Since the end of March 2018, the Ethiopian People’s Revolutionary Defence Force (EPRDF) selected their new Prime Minister Dr. Abiy Ali. That happens after the end of February, when the Command Post and the Minister of Defense Siraj Fegessa announced another State of Emergency, that was approved by the Parliament early March and means the continued oppression of the protesters in the regions of Amhara and Oromia would continue. As it has, it hasn’t stopped with the selection of Dr. Abiy as the PM. The Command Post and Agazi Squad has continued their raids, the terror and tyranny in the Somali Region, Ogaden, Amhara and Oromia.
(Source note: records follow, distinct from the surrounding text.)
(* Let $B,C^T\in\mathbb{R}^{n\times m}$ and assume $\operatorname{rank}B=r$. (a) There exists an invertible $T\in\mathbb{R}^{n\times n}$ with $(TB)^T=CT^{-1}$ if and only if $\operatorname{Ker}C^T=\operatorname{Ker}B$, $\operatorname{rank}(CB)=r$ and $CB$ is symmetric positive semidefinite; equivalently, if and only if there exists an invertible (which can be taken orthogonal) $V\in\mathbb{R}^{m\times m}$ such that $BV=[B_1\;\;0]$, $C^TV=[C_1^T\;\;0]$ with $B_1,C_1^T\in\mathbb{R}^{n\times r}$ of full column rank and $C_1B_1=YY^T$ symmetric positive definite for some invertible $Y\in\mathbb{R}^{r\times r}$. (b) Let $N_B\in\mathbb{R}^{n\times(n-r)}$ have columns forming a basis of $\operatorname{Ker}B^T$. If the conditions in (a) hold, with $V,B_1,C_1,Y$ as there, then every invertible $T$ with $(TB)^T=CT^{-1}$ has the form $T=U T_Z T_0$, where $$T_0=\begin{bmatrix}N_B^T\\ Y^{-1}C_1\end{bmatrix},\qquad T_Z=\begin{bmatrix}Z&0\\0&I\end{bmatrix},$$ with $U\in\mathbb{R}^{n\times n}$ an arbitrary real orthogonal matrix and $Z\in\mathbb{R}^{(n-r)\times(n-r)}$ an arbitrary nonsingular matrix. *)

(* real matrices over an abstract real closed field R
   (the paper works over the reals; every realType is an rcfType). *)
From HB Require Import structures.
From mathcomp Require Import all_boot all_order all_algebra.
Set Implicit Arguments. Unset Strict Implicit. Unset Printing Implicit Defensive.
Import Order.TTheory GRing.Theory Num.Theory.
Local Open Scope ring_scope.

Section Defs.
Variable R : rcfType.

Definition orthogonal_mx n (U : 'M[R]_n) : Prop := U *m U^T = 1%:M.

Definition symmetric_mx n (A : 'M[R]_n) : Prop := A^T = A.

Definition spsd_mx n (A : 'M[R]_n) : Prop :=
  symmetric_mx A /\ forall x : 'cV[R]_n, 0 <= (x^T *m A *m x) 0 0.

Definition spd_mx n (A : 'M[R]_n) : Prop :=
  symmetric_mx A /\ forall x : 'cV[R]_n, x != 0 -> 0 < (x^T *m A *m x) 0 0.

Definition same_kernel p q m (A1 : 'M[R]_(p, m)) (A2 : 'M[R]_(q, m)) : Prop :=
  forall x : 'cV[R]_m, A1 *m x = 0 <-> A2 *m x = 0.

Definition cols_basis_of_ker p n k (N : 'M[R]_(n, k)) (A : 'M[R]_(p, n)) : Prop :=
  \rank N = k /\
  forall x : 'cV[R]_n, A *m x = 0 <-> exists y : 'cV[R]_k, x = N *m y.

End Defs.

From HB Require Import structures.
From mathcomp Require Import all_boot all_order all_algebra.
From mathcomp Require Import zify ring lra.
Import Order.TTheory GRing.Theory Num.Theory.
Local Open Scope ring_scope.

(* [(T B)^T = C T^-1] says that [C = B^T G] for the Gram matrix [G = T^T T], and every
   symmetric positive definite [G] is such a Gram matrix (Cholesky).  Hence [C B] is the
   Gram matrix of [T B], which gives the conditions of (a).  Conversely, an orthonormal
   basis adapted to [Ker B] compresses [B] and [C^T] to [[B1 0]] and [[C1^T 0]] with
   [C1 B1] positive definite, and then [C = B^T G] reduces to [B1^T G = C1].  Since
   [B1^T T0^T = [0 Y]], every [G = T0^T diag(W, I) T0] solves it; conversely, for a
   solution [T], congruence by [T0] turns [T^-1 T^-T] into [diag(W, I)] with [W]
   positive definite, and writing [W = Y' Y'^T], [Z = Y'^-1], the matrix
   [T_Z T0 T^-1] is orthogonal. *)

Section Kernels.
Set Implicit Arguments. Unset Strict Implicit.
Variable F : fieldType.

Lemma mulmx_cV_eq0 p q (M : 'M[F]_(p, q)) :
  (forall y : 'cV_q, M *m y = 0) -> M = 0.
Proof.
move=> M0; apply/matrixP=> i j; have /matrixP/(_ i 0) := M0 (delta_mx j 0).
by rewrite -colE !mxE.
Qed.

Lemma mulmx_unit_eq0 p q (A : 'M[F]_p) (X : 'M[F]_(p, q)) :
  A \in unitmx -> A *m X = 0 -> X = 0.
Proof. by move=> uA AX0; rewrite -(mulKmx uA X) AX0 mulmx0. Qed.

Lemma mulmx_eq0_sub_kermx p q (A : 'M[F]_(p, q)) (x : 'cV_q) :
  A *m x = 0 <-> (x^T <= kermx A^T)%MS.
Proof.
split=> [Ax0 | /sub_kermxP xA0]; first by apply/sub_kermxP; rewrite -trmx_mul Ax0 trmx0.
by apply: trmx_inj; rewrite trmx_mul xA0 trmx0.
Qed.

Lemma ker_subP p1 p2 q (A1 : 'M[F]_(p1, q)) (A2 : 'M[F]_(p2, q)) :
  (forall x : 'cV_q, A1 *m x = 0 -> A2 *m x = 0) <-> (kermx A1^T <= kermx A2^T)%MS.
Proof.
split=> [sub12 | sK x /mulmx_eq0_sub_kermx x1].
  apply/row_subP => i; have := (mulmx_eq0_sub_kermx A2 (row i (kermx A1^T))^T).1.
  rewrite trmxK; apply; apply: sub12; apply/mulmx_eq0_sub_kermx.
  by rewrite trmxK row_sub.
by apply/mulmx_eq0_sub_kermx; apply: submx_trans sK.
Qed.

Lemma ker_sub_mxrank p1 p2 q (A1 : 'M[F]_(p1, q)) (A2 : 'M[F]_(p2, q)) :
  (forall x : 'cV_q, A1 *m x = 0 -> A2 *m x = 0) -> (\rank A2 <= \rank A1)%N.
Proof.
move=> /ker_subP /mxrankS; rewrite !mxrank_ker !mxrank_tr.
by have := rank_leq_col A1; have := rank_leq_col A2; lia.
Qed.

Lemma same_kernel_mxrank p1 p2 q (A1 : 'M[F]_(p1, q)) (A2 : 'M[F]_(p2, q)) :
  (forall x : 'cV_q, A1 *m x = 0 <-> A2 *m x = 0) -> \rank A1 = \rank A2.
Proof.
by move=> eqK; apply/eqP; rewrite eqn_leq !ker_sub_mxrank // => x /eqK.
Qed.

Lemma ker_sub_eq_mxrank p1 p2 q (A1 : 'M[F]_(p1, q)) (A2 : 'M[F]_(p2, q)) :
  (forall x : 'cV_q, A1 *m x = 0 -> A2 *m x = 0) -> \rank A1 = \rank A2 ->
  forall x : 'cV_q, A2 *m x = 0 -> A1 *m x = 0.
Proof.
move=> /ker_subP sK rk; apply/ker_subP.
have /andP[//] : (kermx A1^T == kermx A2^T)%MS.
by rewrite -(mxrank_leqif_eq sK) !mxrank_ker !mxrank_tr rk.
Qed.

Lemma full_col_rankP p q (A : 'M[F]_(p, q)) :
  (forall x : 'cV_q, A *m x = 0 -> x = 0) <-> \rank A = q.
Proof.
have ker1 (x : 'cV_q) : 1%:M *m x = 0 <-> x = 0 by rewrite mul1mx.
split=> [injA | rkA x Ax0].
  rewrite -[RHS](mxrank1 F); apply: same_kernel_mxrank => x; rewrite ker1.
  by split=> [/injA | ->]; rewrite ?mulmx0.
apply/ker1; apply: (ker_sub_eq_mxrank _ _ Ax0) => [y|]; last by rewrite mxrank1.
by rewrite mul1mx => ->; rewrite mulmx0.
Qed.

End Kernels.

Section RealMatrices.
Set Implicit Arguments. Unset Strict Implicit.
Variable R : rcfType.

Lemma trmx_mul_self_ge0 p (x : 'cV[R]_p) : 0 <= (x^T *m x) 0 0.
Proof. by rewrite mxE; apply: sumr_ge0 => i _; rewrite mxE -expr2 sqr_ge0. Qed.

Lemma trmx_mul_self_eq0 p (x : 'cV[R]_p) : (x^T *m x) 0 0 = 0 -> x = 0.
Proof.
rewrite mxE => /eqP; rewrite psumr_eq0 => [/allP x0|i _]; last first.
  by rewrite mxE -expr2 sqr_ge0.
apply/matrixP => i j; rewrite (ord1 j) mxE.
by have /implyP/(_ isT) := x0 i (mem_index_enum i); rewrite mxE mulf_eq0 orbb => /eqP.
Qed.

Lemma same_kernel_mulTmx p q (M : 'M[R]_(p, q)) : same_kernel (M^T *m M) M.
Proof.
move=> x; split=> [MMx0 | ]; last by rewrite -mulmxA => ->; rewrite mulmx0.
apply: trmx_mul_self_eq0; rewrite trmx_mul -mulmxA (mulmxA M^T) MMx0.
by rewrite mulmx0 mxE.
Qed.

Lemma spsd_mulTmx p q (M : 'M[R]_(p, q)) : spsd_mx (M^T *m M).
Proof.
split=> [|x]; first by rewrite /symmetric_mx trmx_mul trmxK.
by rewrite mulmxA -trmx_mul -mulmxA trmx_mul_self_ge0.
Qed.

Lemma spd_mulTmx p q (M : 'M[R]_(p, q)) : \rank M = q -> spd_mx (M^T *m M).
Proof.
move=> /full_col_rankP injM; split=> [|x x0]; first by case: (spsd_mulTmx M).
rewrite mulmxA -trmx_mul -mulmxA lt_def trmx_mul_self_ge0 andbT.
by apply: contra x0 => /eqP/trmx_mul_self_eq0/injM ->.
Qed.

Lemma spd_unitmx p (A : 'M[R]_p) : spd_mx A -> A \in unitmx.
Proof.
move=> [_ posA]; rewrite -row_free_unit; apply/eqP/full_col_rankP => x Ax0.
apply/eqP; apply: contraT => /posA.
by rewrite -mulmxA Ax0 mulmx0 mxE ltxx.
Qed.

Lemma quadratic_ge0_linear_eq0 (s c : R) :
  0 <= c -> (forall t, 0 <= 2 * t * s + t ^+ 2 * c) -> s = 0.
Proof.
move=> c0 quad_ge0; have c1 : 0 < c + 1 by lra.
pose u := s / (c + 1); have su : s = u * (c + 1) by rewrite /u divfK // gt_eqF.
have := quad_ge0 (- u); rewrite su => h.
have u2 : u ^+ 2 <= 0 by nra.
suff -> : u = 0 by rewrite mul0r.
nra.
Qed.

Lemma spsd_quad_eq0 p (A : 'M[R]_p) (x : 'cV[R]_p) :
  spsd_mx A -> (x^T *m A *m x) 0 0 = 0 -> A *m x = 0.
Proof.
move=> [symA posA] xAx0; set y := A *m x.
have xAx : x^T *m A *m x = 0.
  by rewrite [LHS]mx11_scalar xAx0; apply/matrixP => i j; rewrite !ord1 !mxE.
have xAy : x^T *m A *m y = y^T *m y by rewrite /y -{1}symA -trmx_mul.
have yAx : y^T *m A *m x = y^T *m y by rewrite -mulmxA.
have quadE t : (x + t *: y)^T *m A *m (x + t *: y)
    = (2 * t) *: (y^T *m y) + t ^+ 2 *: (y^T *m A *m y).
  rewrite [(x + t *: y)^T]linearD /= [(t *: y)^T]linearZ /=.
  rewrite !mulmxDl !mulmxDr -!scalemxAl -!scalemxAr xAx xAy yAx add0r.
  by rewrite scalerA -expr2 addrA -scalerDl; congr (_ *: _ + _); ring.
apply: trmx_mul_self_eq0; apply: (quadratic_ge0_linear_eq0 (posA y)) => t.
by have := posA (x + t *: y); rewrite quadE !mxE.
Qed.

Lemma spd_congr p (A E : 'M[R]_p) :
  spd_mx A -> E \in unitmx -> spd_mx (E^T *m A *m E).
Proof.
move=> [symA posA] uE; split; first by rewrite /symmetric_mx !trmx_mul trmxK symA mulmxA.
move=> x x0; rewrite -!mulmxA !mulmxA -trmx_mul -mulmxA; apply: posA.
by apply: contra x0 => /eqP/(mulmx_unit_eq0 uE) ->.
Qed.

Lemma spd_block p1 p2 (a : 'M[R]_p1) b c (d : 'M[R]_p2) :
  spd_mx (block_mx a b c d) -> [/\ spd_mx a, spd_mx d & c = b^T].
Proof.
move=> [+ posA]; rewrite /symmetric_mx tr_block_mx => /eq_block_mx[syma bc cb symd].
split=> //; split=> // x x0.
  have := posA (col_mx x 0); rewrite col_mx_eq0 negb_and x0 => /(_ isT).
  by rewrite tr_col_mx trmx0 mul_row_block !mul0mx !addr0 mul_row_col mulmx0 addr0.
have := posA (col_mx 0 x); rewrite col_mx_eq0 negb_and x0 orbT => /(_ isT).
by rewrite tr_col_mx trmx0 mul_row_block !mul0mx !add0r mul_row_col mulmx0 add0r.
Qed.


Lemma schur_congr p (a : 'M[R]_1) (b : 'M[R]_(1, p)) (d : 'M[R]_p) :
  a 0 0 != 0 ->
  let E := block_mx 1%:M (- ((a 0 0)^-1 *: b)) 0 1%:M in
  E^T *m block_mx a b b^T d *m E = block_mx a 0 0 (d - b^T *m ((a 0 0)^-1 *: b)).
Proof.
move=> a0 E; rewrite /E; set q := (a 0 0)^-1 *: b.
have aE : a = (a 0 0)%:M := mx11_scalar a.
have aq : a *m q = b.
  by rewrite -scalemxAr [in a *m b]aE mul_scalar_mx scalerA mulVf ?scale1r.
have qa : q^T *m a = b^T by rewrite -aq trmx_mul [in a^T]aE tr_scalar_mx -aE.
rewrite tr_block_mx !trmx1 trmx0 !mulmx_block !mul1mx !mulmx1 !mul0mx !mulmx0.
have qb : q^T *m b = b^T *m q by rewrite /q linearZ /= -scalemxAl -scalemxAr.
rewrite !addr0 !mulmxN aq addNr linearN /= !mulNmx qa addNr qb.
by rewrite mul0mx oppr0 add0r addrC.
Qed.

Lemma cholesky p (A : 'M[R]_p) :
  spd_mx A -> exists2 Y : 'M[R]_p, Y \in unitmx & A = Y *m Y^T.
Proof.
elim: p A => [|p IHp] A spdA.
  by exists 1%:M; [exact: unitmx1 | apply/matrixP => -[]].
pose A' : 'M_(1 + p) := A.
set a := ulsubmx A'; set b := ursubmx A'; set d := drsubmx A'.
have spdA' : spd_mx (block_mx a b (dlsubmx A') d) by rewrite submxK.
have [[_ posa] _ cE] := spd_block spdA'; rewrite cE in spdA'.
have AE : A = block_mx a b b^T d by rewrite -cE submxK.
have a0 : 0 < a 0 0.
  have := posa 1%:M; rewrite trmx1 mul1mx mulmx1; apply.
  by apply/eqP => /matrixP/(_ 0 0); rewrite !mxE /= => /eqP; rewrite oner_eq0.
set E : 'M_(1 + p) := block_mx 1%:M (- ((a 0 0)^-1 *: b)) 0 1%:M.
have uE : E \in unitmx by rewrite unitmxE det_ublock !det1 mulr1 unitr1.
have EAE : E^T *m block_mx a b b^T d *m E = _ := schur_congr b d (lt0r_neq0 a0).
have := spd_congr spdA' uE; rewrite EAE => /spd_block[_ spdS _].
have [Y1 uY1 SE] := IHp _ spdS.
pose F : 'M_(1 + p) := block_mx (Num.sqrt (a 0 0))%:M 0 0 Y1.
have uF : F \in unitmx.
  by rewrite unitmxE det_ublock det_scalar1 unitrM -unitmxE uY1 unitfE sqrtr_eq0 -ltNge a0.
have FF : F *m F^T = block_mx a 0 0 (d - b^T *m ((a 0 0)^-1 *: b)).
  rewrite tr_block_mx tr_scalar_mx !trmx0 mulmx_block !mulmx0 !mul0mx !addr0 add0r.
  by rewrite -SE -scalar_mxM -expr2 sqr_sqrtr ?ltW // -mx11_scalar.
exists (invmx E^T *m F); first by rewrite unitmx_mul unitmx_inv unitmx_tr uE uF.
rewrite AE trmx_mul trmx_inv trmxK mulmxA -(mulmxA _ F) FF -EAE.
by rewrite !mulmxA mulVmx ?unitmx_tr // mul1mx mulmxK.
Qed.

Lemma orthonormalize n r (P : 'M[R]_(n, r)) :
  \rank P = r -> exists2 L : 'M[R]_r, L \in unitmx & (P *m L)^T *m (P *m L) = 1%:M.
Proof.
move=> /spd_mulTmx /cholesky [Y uY PPE].
exists (invmx Y^T); first by rewrite unitmx_inv unitmx_tr.
rewrite trmx_mul trmx_inv trmxK mulmxA -(mulmxA _ P^T) PPE.
by rewrite !mulmxA mulVmx // mul1mx mulmxV // unitmx_tr.
Qed.

Lemma orthogonal_unitmx n (U : 'M[R]_n) : orthogonal_mx U -> U \in unitmx.
Proof. by case/mulmx1_unit. Qed.

Lemma orthogonal_trmx n (U : 'M[R]_n) : orthogonal_mx U -> orthogonal_mx U^T.
Proof. by rewrite /orthogonal_mx trmxK => /mulmx1C. Qed.

Lemma orthogonal_row_mx r k (P : 'M[R]_(r + k, r)) (K : 'M[R]_(r + k, k)) :
  P^T *m P = 1%:M -> K^T *m K = 1%:M -> P^T *m K = 0 -> orthogonal_mx (row_mx P K).
Proof.
move=> PP KK PK; apply: mulmx1C.
have KP : K^T *m P = 0 by rewrite -[P]trmxK -trmx_mul PK trmx0.
by rewrite tr_row_mx mul_col_row PP KK PK KP -scalar_mx_block.
Qed.


Lemma cols_basis_of_ker_mul0 p n k (N : 'M[R]_(n, k)) (A : 'M[R]_(p, n)) :
  cols_basis_of_ker N A -> A *m N = 0.
Proof.
case=> _ kerN; apply: mulmx_cV_eq0 => y.
by rewrite -mulmxA; apply/(kerN _).2; exists y.
Qed.

Lemma cols_basis_of_ker_mulmx p n k (N : 'M[R]_(n, k)) (A : 'M[R]_(p, n)) (L : 'M[R]_k) :
  cols_basis_of_ker N A -> L \in unitmx -> cols_basis_of_ker (N *m L) A.
Proof.
move=> [rkN kerN] uL; split; first by rewrite mxrankMfree ?row_free_unit.
move=> x; rewrite kerN; split=> [[y ->] | [y ->]].
  by exists (invmx L *m y); rewrite -mulmxA mulKVmx.
by exists (L *m y); rewrite mulmxA.
Qed.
James Moody reports: “The Somali region protests erupted on 20 April. The first protests called for the regional government to release 1,500 prisoners, as it had promised to do in February (Africa News, 28 February 2018). In the following days the protests gained momentum, spreading to other towns in the Siti zone, and the scope of the complaints widened – the protests were increasingly against corruption and abuse by the regional president, Abdi Illey. Illey is generally unpopular in Somali province because of his violent deployment of the Somali regional militia, the Liyu Police (ACLED, 12 April 2018) and because of corruption accusations. However, not only is Illey facing challenges from the population, he is also balancing leadership turbulence within his own party. On 24 April, Illey fired the deputy regional president, Abdikarim Igali, fearing that Igali would capitalise on the regional protests to mount a challenge to Illey’s position in the Somali government (Addis Standard, 27 April 2018). This strategy backfired, instead provoking increased protest, particularly from Igali’s home district of Shinile. Illey’s other response to the protests has been to reinforce security by ordering Liyu Police forces back to the regional capital Jijiga. There have been relatively few confrontations between the Liyu police and protesters, but responses to calm the protesters should be cautious to avoid further conflagration” (James Moody – ‘ETHIOPIA: PROTESTS SHIFT FROM OROMIA TO SOMALI PROVINCE’ 05.05.2018, link: https://www.acleddata.com/2018/05/05/ethiopia-protests-shift-from-oromia-to-somali-province/).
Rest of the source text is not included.